Yours truly is learning to play the guitar. More precisely I’m attempting to learn to play the jazz guitar. Jazz on the guitar is arguably one of the more difficult aspects of this form of music, but I plunged in anyway.
I listened to a program by the great Wynton Marsalis on jazz and the theory behind it. Wynton likens jazz to a train. The locomotive drives the train, yet everything else must work in concert with the locomotive in order for any of it to make any sense. Each section of the train needs to listen to the others, cannot drown out the others, and must know when to take a backseat. Rhythms flow in and out of each other and all members must adhere to them, otherwise nothing much is accomplished.

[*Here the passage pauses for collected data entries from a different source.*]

Section BlockSolution.
Variables (n k g m i0 h : nat).
Hypotheses (g_eq : g = h.*2.+1) (h_gt0 : 0 < h) (i0_gt0 : 0 < i0)
  (n_eq : n = g * m) (k_eq : k = (g * (2 * i0)).+1) (l_lt_m : 2 * i0 < m)
  (blocks_fit : i0 * (m - 2 * i0) < m) (m_coprime : coprime m (m - 2 * i0)).

(* The set E, 0-based and translated so that its first block starts at column
   [0]: the blocks [[t * Egap * g, t * Egap * g + g)] for [t < i0], then the
   first [h] columns of block [i0 * Egap].  [Ecol p] is its [p]-th column. *)
Definition Egap := m - 2 * i0.
Definition Esize := i0 * g + h.
Definition Emem y :=
  has (fun t => (y %/ g == t * Egap) && ((t < i0) || (y %% g < h))) (iota 0 i0.+1).
Definition Ecol p := p %/ g * Egap * g + p %% g.

Let g_gt0 : 0 < g. Proof. by rewrite g_eq. Qed.
Let Egap_gt0 : 0 < Egap. Proof. by rewrite /Egap; lia. Qed.
Let n_gt0 : 0 < n. Proof. by rewrite n_eq muln_gt0 g_gt0; lia. Qed.
Let k_ge2 : 2 <= k. Proof. by rewrite k_eq; nia. Qed.
Let k_lt_n : k < n.
Proof.
have : g * (2 * i0).+1 <= g * m by rewrite leq_mul2l l_lt_m orbT.
by rewrite n_eq k_eq mulnS; lia.
Qed.
Let k_pred : k.-1 = 2 * (i0 * g). Proof. by rewrite k_eq /=; lia. Qed.
Let jump_len : n - k.-1 = Egap * g.
Proof. by rewrite n_eq k_pred /Egap mulnBl (mulnC m) mulnA. Qed.
Let g_le_Esize : g <= Esize. Proof. by rewrite /Esize; nia. Qed.

Lemma Ecol_small q : q < g -> Ecol q = q.
Proof. by move=> q_lt; rewrite /Ecol divn_small // modn_small. Qed.

Lemma Ecol_ltn : {homo Ecol : p q / p < q}.
Proof.
move=> p q pq; rewrite /Ecol.
have [p_r q_r] := (ltn_pmod p g_gt0, ltn_pmod q g_gt0).
case: (ltnP (p %/ g) (q %/ g)) => [div_lt|div_ge].
  have : (p %/ g * Egap).+1 * g <= q %/ g * Egap * g.
    rewrite leq_mul2r; apply/orP; right.
    apply: (@leq_trans ((p %/ g).+1 * Egap)); first by rewrite mulSn; lia.
    by rewrite leq_mul2r div_lt orbT.
  by rewrite mulSn; lia.
have div_eq : p %/ g = q %/ g by apply/eqP; rewrite eqn_leq div_ge leq_div2r // ltnW.
by move: pq; rewrite {1}(divn_eq p g) {1}(divn_eq q g) div_eq; lia.
Qed.

Lemma Ecol_ltn_mono : {mono Ecol : p q / p < q}.
Proof. exact/leqW_mono/leq_mono/Ecol_ltn. Qed.

Lemma Esize_div p : p < Esize -> p %/ g <= i0.
Proof. by move=> p_lt; rewrite -ltnS ltn_divLR //; rewrite /Esize in p_lt; lia. Qed.

Lemma Ecol_lt_n p : p < Esize -> Ecol p < n.
Proof.
move=> p_lt; have p_r := ltn_pmod p g_gt0.
have : (p %/ g * Egap).+1 <= m.
  by apply: leq_ltn_trans blocks_fit; rewrite leq_mul2r Esize_div ?orbT.
by rewrite n_eq mulnC -(leq_pmul2r g_gt0) mulSn /Ecol; lia.
Qed.

Lemma Emem_Ecol p : p < Esize -> Emem (Ecol p).
Proof.
move=> p_lt; apply/hasP; exists (p %/ g); first by rewrite mem_iota ltnS Esize_div.
rewrite /Ecol divnMDl // (divn_small (ltn_pmod _ g_gt0)) addn0 eqxx.
rewrite modnMDl modn_mod /=; apply: contraTT p_lt; rewrite negb_or -leqNgt.
by case/andP => div_ge r_ge; rewrite -leqNgt /Esize (divn_eq p g); nia.
Qed.

Lemma Emem_small q : q < g -> Emem q.
Proof. by move=> q_lt; rewrite -(Ecol_small q_lt) Emem_Ecol //; lia. Qed.

Lemma EmemP y : Emem y -> exists2 p, p < Esize & Ecol p = y.
Proof.
case/hasP => t; rewrite mem_iota ltnS => /andP [_ t_le] /andP [/eqP y_div y_r].
have y_mod := ltn_pmod y g_gt0.
exists (t * g + y %% g).
  have tg : t * g <= i0 * g by rewrite leq_mul2r t_le orbT.
  case/orP: y_r => [t_lt|r_lt]; rewrite /Esize; last by lia.
  have : t.+1 * g <= i0 * g by rewrite leq_mul2r t_lt orbT.
  by rewrite mulSn; lia.
by rewrite /Ecol divnMDl // (divn_small y_mod) addn0 modnMDl modn_mod -y_div -divn_eq.
Qed.

Lemma Emem_gap p y : Ecol p < y -> y < Ecol p.+1 -> ~~ Emem y.
Proof.
by move=> lo hi; apply/negP => /EmemP [q _ Eq]; move: lo hi; rewrite -Eq !Ecol_ltn_mono; lia.
Qed.

Lemma Emem_above p y : Esize <= p.+1 -> Ecol p < y -> ~~ Emem y.
Proof.
by move=> p_ge lo; apply/negP => /EmemP [q q_lt Eq]; move: lo; rewrite -Eq Ecol_ltn_mono; lia.
Qed.

Lemma modn_block a q : q < g -> (a * g + q) %% n = a %% m * g + q.
Proof.
move=> q_lt; rewrite n_eq {1}(divn_eq a m) mulnDl -addnA -mulnA (mulnC m) modnMDl.
rewrite modn_small //; have : (a %% m).+1 * g <= m * g.
  by rewrite leq_mul2r ltn_pmod ?orbT //; lia.
by rewrite mulSn mulnC; lia.
Qed.

(* The column at offset [q] of block [a * Egap %% m] can only be [Ecol (a * g + q)],
   because [Egap] is invertible modulo [m]. *)
Lemma Emem_block a q : a < m -> q < g ->
  Emem (a * Egap %% m * g + q) -> a * g + q < Esize.
Proof.
move=> a_lt q_lt /EmemP [p p_lt Ecol_p].
have e_mod : p %% g = q.
  by move: (congr1 (modn^~ g) Ecol_p); rewrite /Ecol !modnMDl !modn_mod (modn_small q_lt).
have e_div : p %/ g * Egap = a * Egap %% m.
  move: (congr1 (divn^~ g) Ecol_p); rewrite /Ecol !divnMDl //.
  by rewrite (divn_small (ltn_pmod p g_gt0)) (divn_small q_lt) !addn0.
have p_div : p %/ g = a.
  apply: (coprime_mulr_modn_inj m_coprime) => //; last by rewrite e_div modn_mod.
  by have := Esize_div p_lt; lia.
by rewrite -p_div -e_mod -divn_eq.
Qed.

Local Notation step := (diag_step n k Emem).

Lemma iter_step_walk N x D : D != 0 -> 0 < N ->
  (forall r, 0 < r < N -> ~~ Emem ((x + r) %% n)) ->
  iter N step (x, D) =
  ((x + N) %% n, if Emem ((x + N) %% n) then dec2 k D else D).
Proof.
move=> D_neq0; elim: N => [//|N IH] _ no_E.
case: (posnP N) => [->|N_gt0]; first by rewrite /= D_neq0 addn1.
rewrite iterS IH // => [|r r_in]; last by apply: no_E; lia.
have := no_E N; rewrite N_gt0 ltnSn => /(_ isT) /negbTE ->.
by rewrite /= D_neq0 -addn1 modnDml -addnA addn1.
Qed.

Lemma iter_step_jump N x : 0 < N ->
  (forall r, 0 < r < N -> ~~ Emem ((x + r * (n - k.-1)) %% n)) ->
  iter N step (x, 0) = ((x + N * (n - k.-1)) %% n,
                        if Emem ((x + N * (n - k.-1)) %% n) then k - 2 else 0).
Proof.
elim: N => [//|N IH] _ no_E.
case: (posnP N) => [->|N_gt0]; first by rewrite /= mul1n.
rewrite iterS IH // => [|r r_in]; last by apply: no_E; lia.
have := no_E N; rewrite N_gt0 ltnSn => /(_ isT) /negbTE ->.
by rewrite /= modnDml mulSn (addnC (n - k.-1)) addnA.
Qed.

Lemma reach_walk p D : p < Esize -> D != 0 ->
  reach step (Ecol p, D) (Ecol (p.+1 %% Esize), dec2 k D).
Proof.
move=> p_lt D_neq0; have Ecol_lt := Ecol_lt_n p_lt.
case: (ltnP p.+1 Esize) => [p1_lt|p1_ge].
  have Ecol_incr := Ecol_ltn (ltnSn p); have Ecol1_lt := Ecol_lt_n p1_lt.
  exists (Ecol p.+1 - Ecol p); rewrite iter_step_walk // ?subn_gt0 // => [|r r_in].
    by rewrite subnKC ?(ltnW Ecol_incr) // (modn_small Ecol1_lt) (modn_small p1_lt) Emem_Ecol.
  by rewrite modn_small; [apply: (Emem_gap (p := p)) | ]; lia.
have p_eq : p.+1 = Esize by apply/eqP; rewrite eqn_leq p1_ge p_lt.
exists (n - Ecol p); rewrite iter_step_walk // ?subn_gt0 // => [|r r_in].
  by rewrite subnKC ?(ltnW Ecol_lt) // p_eq !modnn Ecol_small // Emem_small.
by rewrite modn_small; [apply: (Emem_above (p := p)) | ]; lia.
Qed.

Definition Ejump p := if p + g < Esize then p + g else p %% g.

Lemma reach_jump p : p < Esize -> reach step (Ecol p, 0) (Ecol (Ejump p), k - 2).
Proof.
move=> p_lt; rewrite /Ejump; case: ifP => [pg_lt|/negbT pg_ge].
  have Ecol_pg : Ecol (p + g) = Ecol p + (n - k.-1).
    by rewrite jump_len /Ecol divnDr // divnn g_gt0 modnDr /= !mulnDl; lia.
  exists 1; rewrite iter_step_jump // => [|r]; last by lia.
  by rewrite mul1n -Ecol_pg modn_small ?Ecol_lt_n // Emem_Ecol.
set t := p %/ g; set q := p %% g; rewrite -leqNgt in pg_ge.
have p_eq : p = t * g + q := divn_eq p g.
have t_lt : t < m by have := Esize_div p_lt; lia.
have q_lt : q < g := ltn_pmod p g_gt0.
have col r : Ecol p + r * (n - k.-1) = (t + r) * Egap * g + q.
  by rewrite jump_len /Ecol -/t -/q !mulnDl mulnA; lia.
exists (m - t); rewrite iter_step_jump ?subn_gt0 // => [|r r_in].
  by rewrite col subnKC ?(ltnW t_lt) // modn_block // modnMr mul0n add0n Ecol_small ?Emem_small.
have tr_lt : t + r < m by lia.
rewrite col modn_block //; apply/negP => /(Emem_block tr_lt q_lt).
have : (t + 1) * g <= (t + r) * g by rewrite leq_mul2r; lia.
by rewrite mulnDl mul1n; lia.
Qed.

Let Esize_gt0 : 0 < Esize. Proof. by apply: leq_trans g_le_Esize. Qed.
Let k_odd : odd k. Proof. by rewrite k_eq /= !oddM /= andbF. Qed.

Lemma reach_walkN N p D : p < Esize -> D < k ->
  (forall N', N' < N -> iter N' (dec2 k) D != 0) ->
  reach step (Ecol p, D) (Ecol ((p + N) %% Esize), iter N (dec2 k) D).
Proof.
move=> p_lt D_lt; elim: N => [|N IH] nz; first by rewrite addn0 modn_small //; exact: reach_refl.
apply: reach_trans (IH _) _ => [N' N'_lt|]; first by apply: nz; lia.
have := reach_walk (ltn_pmod (p + N) Esize_gt0) (nz N (ltnSn N)).
by rewrite -addn1 modnDml -addnA addn1.
Qed.

(* From diagonal [k - 2] in column [Ecol p], the walk visits the next [k - 1]
   columns of [E] on the nonzero diagonals [k - 4, k - 6, ...], reaches
   diagonal [0] at index [(p + k.-1) %% Esize], and jumps back to [k - 2]. *)
Definition Ereturn p := Ejump ((p + k.-1) %% Esize).

Lemma reach_return p : p < Esize ->
  reach step (Ecol p, k - 2) (Ecol (Ereturn p), k - 2).
Proof.
move=> p_lt; apply: reach_trans (reach_walkN (N := k.-1) p_lt _ _) _.
- by lia.
- by move=> N' N'_lt; apply: iter_dec2_neq0.
by rewrite iter_dec2_last //; apply/reach_jump/ltn_pmod.
Qed.

Let g_le_i0g : g <= i0 * g. Proof. by rewrite leq_pmull. Qed.
Let i0g_pred : i0.-1 * g + g = i0 * g. Proof. by rewrite addnC -mulSn prednK. Qed.

Lemma Ereturn_index_hi p : 2 * h <= p < Esize -> (p + k.-1) %% Esize = p - 2 * h.
Proof.
case/andP=> p_ge p_lt; rewrite (_ : p + k.-1 = 2 * Esize + (p - 2 * h)).
  by rewrite modnMDl modn_small //; lia.
by rewrite k_pred /Esize; lia.
Qed.

Lemma Ereturn_index_lo p : p < 2 * h -> (p + k.-1) %% Esize = p + Esize - 2 * h.
Proof.
move=> p_lt; rewrite (_ : p + k.-1 = Esize + (p + Esize - 2 * h)).
  by rewrite modnDl modn_small //; rewrite /Esize; lia.
by rewrite k_pred /Esize; lia.
Qed.

Lemma Ereturn_succ p : 2 * h <= p -> p.+1 < Esize -> Ereturn p = p.+1.
Proof.
move=> p_ge p_lt; rewrite /Ereturn Ereturn_index_hi; last by lia.
by rewrite /Ejump (_ : p - 2 * h + g = p.+1) ?p_lt //; lia.
Qed.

If this rule is followed, what is produced works well, flows and sounds great. He also refers to being “hep,” which I took to mean that a player has accomplished a level of proficiency that allows his/her playing to flow naturally and produce a unique style readily discernible to the listener. This “hepness,” Wynton explains, only comes after a long, long time as a musician. You cannot learn it from a book. It must come from within the individual after reaching a certain level of experience.
In many regards, the same can be said for a SWAT team and its members. Each member must complement the others at all times. If one member is out of sync with the rest of the team, the results are predictable. This means that each member must be able to stand on his own irrespective of the weapon system he is employing. His individual tactical skill, movement and decisions must also stand on their own yet blend into the team when necessary. When working in concert with one another, individuals must know when to take a backseat and when to lead.
If you have ever been with an established tactical team for an extended period of time, you are well aware of the flow that a highly proficient team can apply to resolve a problem.
An inexperienced team, or one whose members have not developed a high level of individual skill, will not work as smoothly, and many mistakes will result. Live-fire shoot houses will almost always reveal the weakness in a team’s ability to work together. They won’t be so hep.
LAPD’s “D” platoon, commonly referred to as SWAT, has this so-called hepness. I know because I was one of them. It always amazed me that, when we were faced with both real-world and training evolutions, the team worked well together, with each member doing what he was supposed to do.
Yes, there were mistakes, yet overall, regardless of the problem, we resolved it. The cover people were where they were supposed to be, the entry team split as they were supposed to, and when things went south, members plugged in and shored up the problem.
Another aspect to all of this is tenure. Imagine listening to a great jazz guitarist, asking him how long he’s been playing, and hearing his reply: “Two years.” I doubt that has ever happened, and yet there are departments that limit the time one can spend on a team.
Whoever came up with this harebrained concept of time limits completely misses the big picture. You’re dealing with real people’s lives and decisions with serious consequences in life-or-death situations. Two years is just about enough time to realize that you really don’t know what you’re doing and that you’ve got a long way to go. You cannot buy experience and you cannot “make rank” into experience.
When you have well-tenured individuals on a team, invariably someone has past experience with the particular problem the team is facing at the moment. This is very much a, “Hey guys … we had this problem about 15 years ago and this is how we tackled it” ability that can only be realized through tenured SWAT members.
Here’s another aspect of SWAT teams you might find amusing. Imagine a jazz musician showing up only at the show and never at practice. You’d have a lot of disappointed listeners walking out and demanding their money back. When you have individuals either in a supervisory role or as operators who consistently cannot perform with their weapons or tactics or rarely show up to training to “tune up,” you need to “cank” them.
I’ve come across this “He’s never at training, but he’s on the team anyway” syndrome from time to time in my travels. That’s probably the guy whom everything will hinge upon when Murphy shows up and it all goes wrong. Get rid of him so he can push graphite or help little old ladies across the street—not kill the wrong person or get someone else killed due to his ineptitude.
It is also something to marvel at how an experienced and highly trained SWAT team can clear a house in either a covert or dynamic manner. This applies to any SWAT operation, for that matter. It is the smooth-traveling train of which Wynton speaks. Discipline and efficiency without ego will get you to your destination in style.